ON WHAT SHE'D TELL HER SEVEN-YEAR-OLD SELF: "I was so sad and at seven, all of my real love came from my teachers. I would say this to anybody in this room: You have no idea of the power of noticing another human being and what it feels like when somebody knows that they have been seen, truly seen, by you. It is the greatest offering you can give. And all those years on 'The Oprah [Winfrey] Show,' the greatest lesson I learned was that after every show, someone would say, invariably, in one way or another, 'How was that?' I'd finish an interview with a father who killed his twin girls. I'd finish an interview with politicians, Barack Obama or Joe Biden, George Bush. Beyoncé! They all said the same thing: 'How was that?' And so I started to see that there's this common thread in our humanity where everyone wants to know, 'How was that? Did I do okay? Did you hear me and did what I say mean something to you?' So I would have to say that recognizing that in other people has helped me to become a person of compassion...I know that at the core of you is the same as the core of me. You just want to be heard."

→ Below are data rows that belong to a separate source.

(* Assume the setting in the context. For every choice of real coefficients $\{(\alpha_k,\beta_k)\}_{k=2}^K$ with $\alpha_k+\beta_k=1$ for all $k=2,\dots,K$, and for every $x\in\mathbb{R}^N$, $$T(x)=\sum_{k=1}^K L_k(x_{\mathcal C_k}).$$
   Context: Setting. Let $V=\{1,\dots,N\}$ and let $\mathcal G=(V,\mathcal E)$ be an undirected decomposable graph whose maximal cliques form a perfect sequence $\mathcal C_1,\dots,\mathcal C_K$. For $k=1,\dots,K$ define the histories $\mathcal H_k=\mathcal C_1\cup\cdots\cup\mathcal C_k$. For $k=2,\dots,K$ define the separators $\mathcal S_k=\mathcal H_{k-1}\cap\mathcal C_k$. Perfectness means that for each $k\ge2$ there is $j<k$ with $\mathcal S_k\subseteq\mathcal C_j$. For $k=2,\dots,K$ let $q(k)=\min\{j:\mathcal S_k\subseteq\mathcal C_j\}$, so that $q(k)<k$. For $j=1,\dots,K$ let $\mathcal Q_j=\{k\in\{2,\dots,K\}:q(k)=j\}$. Let $\Sigma\in\mathbb R^{N\times N}$ be symmetric positive definite and Markov with respect to $\mathcal G$, i.e. $(\Sigma^{-1})_{i,j}=0$ whenever $i\neq j$ and $\{i,j\}\notin\mathcal E$. Notation. For $U\subseteq V$: - $\Sigma_U$ is the principal submatrix of $\Sigma$ with rows and columns indexed by $U$; - $I_U$ is the $|U|\times|U|$ identity matrix; - $x_U$ is the subvector of $x$ with entries indexed by $U$. For $U\subseteq W\subseteq V$ and a matrix $A$ indexed by $U$, $[A]^W$ is the $|W|\times|W|$ matrix indexed by $W$ that equals $A$ on $U\times U$ and is $0$ elsewhere. Test statistic. Define $T(x)=x^Tx-x^T\Sigma^{-1}x-\ln\det\Sigma$. Local matrices and constants. Given real coefficients $\alpha_k,\beta_k$ ($k=2,\dots,K$), define $$J_1=\big(I_{\mathcal C_1}-\Sigma_{\mathcal C_1}^{-1}\big)-\sum_{j\in\mathcal Q_1}\beta_j\big[I_{\mathcal S_j}-\Sigma_{\mathcal S_j}^{-1}\big]^{\mathcal C_1},$$ and, for $k=2,\dots,K$, $$J_k=\big(I_{\mathcal C_k}-\Sigma_{\mathcal C_k}^{-1}\big)-\sum_{j\in\mathcal Q_k}\beta_j\big[I_{\mathcal S_j}-\Sigma_{\mathcal S_j}^{-1}\big]^{\mathcal C_k}-\alpha_k\big[I_{\mathcal S_k}-\Sigma_{\mathcal S_k}^{-1}\big]^{\mathcal C_k}.$$ Define $$e_1=\ln\det\Sigma_{\mathcal C_1}-\sum_{j\in\mathcal Q_1}\beta_j\ln\det\Sigma_{\mathcal S_j},$$ and, for $k\ge2$, $$e_k=\ln\det\Sigma_{\mathcal C_k}-\sum_{j\in\mathcal Q_k}\beta_j\ln\det\Sigma_{\mathcal S_j}-\alpha_k\ln\det\Sigma_{\mathcal S_k}.$$ The local statistics are $L_k(x_{\mathcal C_k})=x_{\mathcal C_k}^TJ_kx_{\mathcal C_k}-e_k$. *)

From HB Require Import structures.
From Stdlib Require Import Reals Lra ClassicalEpsilon FunctionalExtensionality PropExtensionality.
From mathcomp Require Import all_boot all_order all_algebra.
Set Implicit Arguments. Unset Strict Implicit. Unset Printing Implicit Defensive.

Definition Reqb (x y : R) : bool := if Req_EM_T x y then true else false.
Lemma Reqb_axiom : Equality.axiom Reqb.
Proof. move=> x y; rewrite /Reqb; case: Req_EM_T => h; [exact: ReflectT | exact: ReflectF]. Qed.
HB.instance Definition _ := hasDecEq.Build R Reqb_axiom.

Definition Rfind (P : pred R) (n : nat) : option R :=
  match excluded_middle_informative (exists x, P x) with
  | left h => Some (proj1_sig (constructive_indefinite_description _ h))
  | right _ => None
  end.
Lemma Rfind_correct P n x : Rfind P n = Some x -> P x.
Proof. rewrite /Rfind; case: excluded_middle_informative => // h [<-].
by case: constructive_indefinite_description. Qed.
Lemma Rfind_complete (P : pred R) : (exists x, P x) -> exists n, Rfind P n.
Proof. move=> h; exists 0%N; rewrite /Rfind; by case: excluded_middle_informative. Qed.
Lemma Rfind_ext (P Q : pred R) : P =1 Q -> Rfind P =1 Rfind Q.
Proof. move=> h n; have -> : P = Q by apply: functional_extensionality. by []. Qed.
HB.instance Definition _ := hasChoice.Build R Rfind_correct Rfind_complete Rfind_ext.

Lemma RaddA : associative Rplus. Proof. move=> *; lra. Qed.
Lemma RaddC : commutative Rplus. Proof. move=> *; lra. Qed.
Lemma Radd0 : left_id R0 Rplus. Proof. move=> *; lra. Qed.
Lemma RaddN : left_inverse R0 Ropp Rplus. Proof. move=> *; lra. Qed.
HB.instance Definition _ := GRing.isZmodule.Build R RaddA RaddC Radd0 RaddN.

Lemma RmulA : associative Rmult. Proof. move=> *; ring. Qed.
Lemma RmulC : commutative Rmult. Proof. move=> *; ring. Qed.
Lemma Rmul1 : left_id R1 Rmult. Proof. move=> *; ring. Qed.
Lemma RmulD : left_distributive Rmult Rplus. Proof. move=> *; ring. Qed.
Lemma R1n0 : R1 != R0 :> R. Proof. by apply/eqP; lra. Qed.
HB.instance Definition _ := GRing.Zmodule_isComNzRing.Build R RmulA RmulC Rmul1 RmulD R1n0.

Definition Rinvx (x : R) : R := if Reqb x R0 then R0 else Rinv x.
Local Open Scope ring_scope.
Lemma RmulV (x : R) : x != 0 -> Rinvx x * x = 1.
Proof. move=> h; rewrite /Rinvx (negbTE h : Reqb x R0 = false); apply: Rinv_l => e.
by move: h; rewrite e; move/eqP. Qed.
Lemma Rinv0x : Rinvx 0 = 0.
Proof. by rewrite /Rinvx /Reqb; case: Req_EM_T. Qed.
HB.instance Definition _ := GRing.ComNzRing_isField.Build R RmulV Rinv0x.

Definition Rleb (x y : R) : bool := if Rle_dec x y then true else false.
Definition Rltb (x y : R) : bool := if Rlt_dec x y then true else false.

Lemma RlebP x y : reflect (Rle x y) (Rleb x y).
Proof. rewrite /Rleb; case: Rle_dec => h; [exact: ReflectT | exact: ReflectF]. Qed.
Lemma RltbP x y : reflect (Rlt x y) (Rltb x y).
Proof. rewrite /Rltb; case: Rlt_dec => h; [exact: ReflectT | exact: ReflectF]. Qed.

Local Open Scope ring_scope.
Lemma Rle0_add (x y : R) : Rleb 0 x -> Rleb 0 y -> Rleb 0 (x + y).
Proof. move=> /RlebP h1 /RlebP h2; apply/RlebP; rewrite /GRing.add /=; simpl in *. 
change (Rle R0 (Rplus x y)); change (Rle R0 x) in h1; change (Rle R0 y) in h2; lra. Qed.
Lemma Rle0_mul (x y : R) : Rleb 0 x -> Rleb 0 y -> Rleb 0 (x * y).
Proof. move=> /RlebP h1 /RlebP h2; apply/RlebP.
change (Rle R0 (Rmult x y)); change (Rle R0 x) in h1; change (Rle R0 y) in h2; nra. Qed.
Lemma Rle0_anti (x : R) : Rleb 0 x -> Rleb x 0 -> x = 0.
Proof. move=> /RlebP h1 /RlebP h2; change (Rle R0 x) in h1; change (Rle x R0) in h2.
change (x = R0); lra. Qed.
Lemma Rsub_ge0 (x y : R) : Rleb 0 (y - x) = Rleb x y.
Proof.
by apply/RlebP/RlebP => h; change (Rle R0 (Rminus y x)) in h || change (Rle R0 (Rminus y x)); lra. Qed.
Lemma Rle0_total (x : R) : Rleb 0 x || Rleb x 0.
Proof. case: (RlebP 0 x) => //= h; apply/RlebP; change (~ Rle R0 x) in h; change (Rle x R0); lra. Qed.
Lemma RnormN (x : R) : Rabs (- x) = Rabs x.
Proof. exact: Rabs_Ropp. Qed.
Lemma Rge0_norm (x : R) : Rleb 0 x -> Rabs x = x.
Proof. move=> /RlebP h; exact: Rabs_right (Rle_ge _ _ h). Qed.
Lemma Rlt_def (x y : R) : Rltb x y = (y != x) && Rleb x y.
Proof. apply/RltbP/andP.
- move=> h; split; [apply/eqP => e; rewrite e in h; lra | apply/RlebP; lra].
- by case=> /eqP h /RlebP h2; lra. Qed.
HB.instance Definition _ := Num.IntegralDomain_isLeReal.Build R
  Rle0_add Rle0_mul Rle0_anti Rsub_ge0 Rle0_total RnormN Rge0_norm Rlt_def.


(* Graph / clique notions.  V = 'I_N (0-based copy of {1,..,N}); the graph   *)
(* is a symmetric irreflexive adjacency relation E on 'I_N.                  *)

Definition is_clique (N : nat) (E : rel 'I_N) (A : {set 'I_N}) : bool :=
  [forall u in A, forall v in A, (u != v) ==> E u v].

(* Cliques are indexed by nat, only C 1, ..., C K matter. *)
Definition hist (N : nat) (C : nat -> {set 'I_N}) (k : nat) : {set 'I_N} :=
  \bigcup_(1 <= j < k.+1) C j.

Definition sep (N : nat) (C : nat -> {set 'I_N}) (k : nat) : {set 'I_N} :=
  hist C k.-1 :&: C k.

(* q(k) = min { j in 1..K : S_k \subset C_j } (0 if no such j). *)
Definition qidx (N : nat) (C : nat -> {set 'I_N}) (K k : nat) : nat :=
  head 0%N [seq j <- iota 1 K | sep C k \subset C j].

(* Sub-matrices / sub-vectors indexed by U (in the increasing enumeration    *)
(* of U), and zero padding [A]^W.                                            *)

Definition subm (N : nat) (U : {set 'I_N}) (A : 'M[R]_N) : 'M[R]_#|U| :=
  \matrix_(i, j) A (enum_val i) (enum_val j).

Definition subv (N : nat) (U : {set 'I_N}) (x : 'cV[R]_N) : 'cV[R]_#|U| :=
  \col_i x (enum_val i) ord0.

Arguments subm {N} U A.
Arguments subv {N} U x.

(* [A]^W : equals A on U x U, 0 elsewhere (A indexed by U, result by W). *)
Definition pad (N : nat) (U W : {set 'I_N}) (A : 'M[R]_#|U|) : 'M[R]_#|W| :=
  \matrix_(i, j)
    match [pick a : 'I_#|U| | enum_val a == enum_val i :> 'I_N],
          [pick b : 'I_#|U| | enum_val b == enum_val j :> 'I_N] with
    | Some a, Some b => A a b
    | _, _ => 0
    end.

Arguments pad {N} U W A.

Definition Tstat (N : nat) (Sigma : 'M[R]_N) (x : 'cV[R]_N) : R :=
  (x^T *m x) ord0 ord0 - (x^T *m invmx Sigma *m x) ord0 ord0 - ln (\det Sigma).

Definition IminusInv (N : nat) (Sigma : 'M[R]_N) (U : {set 'I_N}) : 'M[R]_#|U| :=
  1%:M - invmx (subm U Sigma).
Arguments IminusInv {N} Sigma U.

Definition Jmat (N K : nat) (C : nat -> {set 'I_N}) (Sigma : 'M[R]_N)
    (alpha beta : nat -> R) (k : nat) : 'M[R]_#|C k| :=
  IminusInv Sigma (C k)
  - (\sum_(2 <= j < K.+1 | qidx C K j == k)
        beta j *: pad (sep C j) (C k) (IminusInv Sigma (sep C j)))
  - (if (2 <= k)%N then alpha k *: pad (sep C k) (C k) (IminusInv Sigma (sep C k))
     else 0).

Definition econst (N K : nat) (C : nat -> {set 'I_N}) (Sigma : 'M[R]_N)
    (alpha beta : nat -> R) (k : nat) : R :=
  ln (\det (subm (C k) Sigma))
  - (\sum_(2 <= j < K.+1 | qidx C K j == k) beta j * ln (\det (subm (sep C j) Sigma)))
  - (if (2 <= k)%N then alpha k * ln (\det (subm (sep C k) Sigma)) else 0).

Definition Lstat (N K : nat) (C : nat -> {set 'I_N}) (Sigma : 'M[R]_N)
    (alpha beta : nat -> R) (k : nat) (x : 'cV[R]_N) : R :=
  let xC := subv (C k) x in
  (xC^T *m Jmat K C Sigma alpha beta k *m xC) ord0 ord0 - econst K C Sigma alpha beta k.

ON THE STATE OF THE WORLD: "I always think and know, having watched it over the years, through thousands and thousands of interviews and watching people and their dysfunction that when something really negative is brewing, that there is the direct opposite reaction that is also possible because for every action there is an equal and opposite reaction. So when something as big as what started to happen in October with [the] Harvey Weinstein [allegations]... and with every day's revelations, I thought, 'Here is an opportunity for something powerfully, a powerful growth, and how do we use this moment to elevate what is happening instead of continually victimizing ourselves?' And so I think that wearing black in solidarity is one step. I think that what Time's Up is doing with the legal defense fund is a major step. It was very important to all of us involved in Time's Up that it not just be about the women of Hollywood because we're already a privileged group, but to extend to the women of the world, because as I said tonight, there isn't a culture, a race, a religion, a politic, a workplace that hasn't been affected by it. And one of the reasons why I wanted to tell Recy Taylor's story is so that people know it's been happening for a very long time -- when people didn't feel that they could speak up and so there are so many women who endured so much and remain silent, and it kept going because there was no other recourse and now that we've all joined as one voice, I think that it feels like empowerment to those women who have never had it."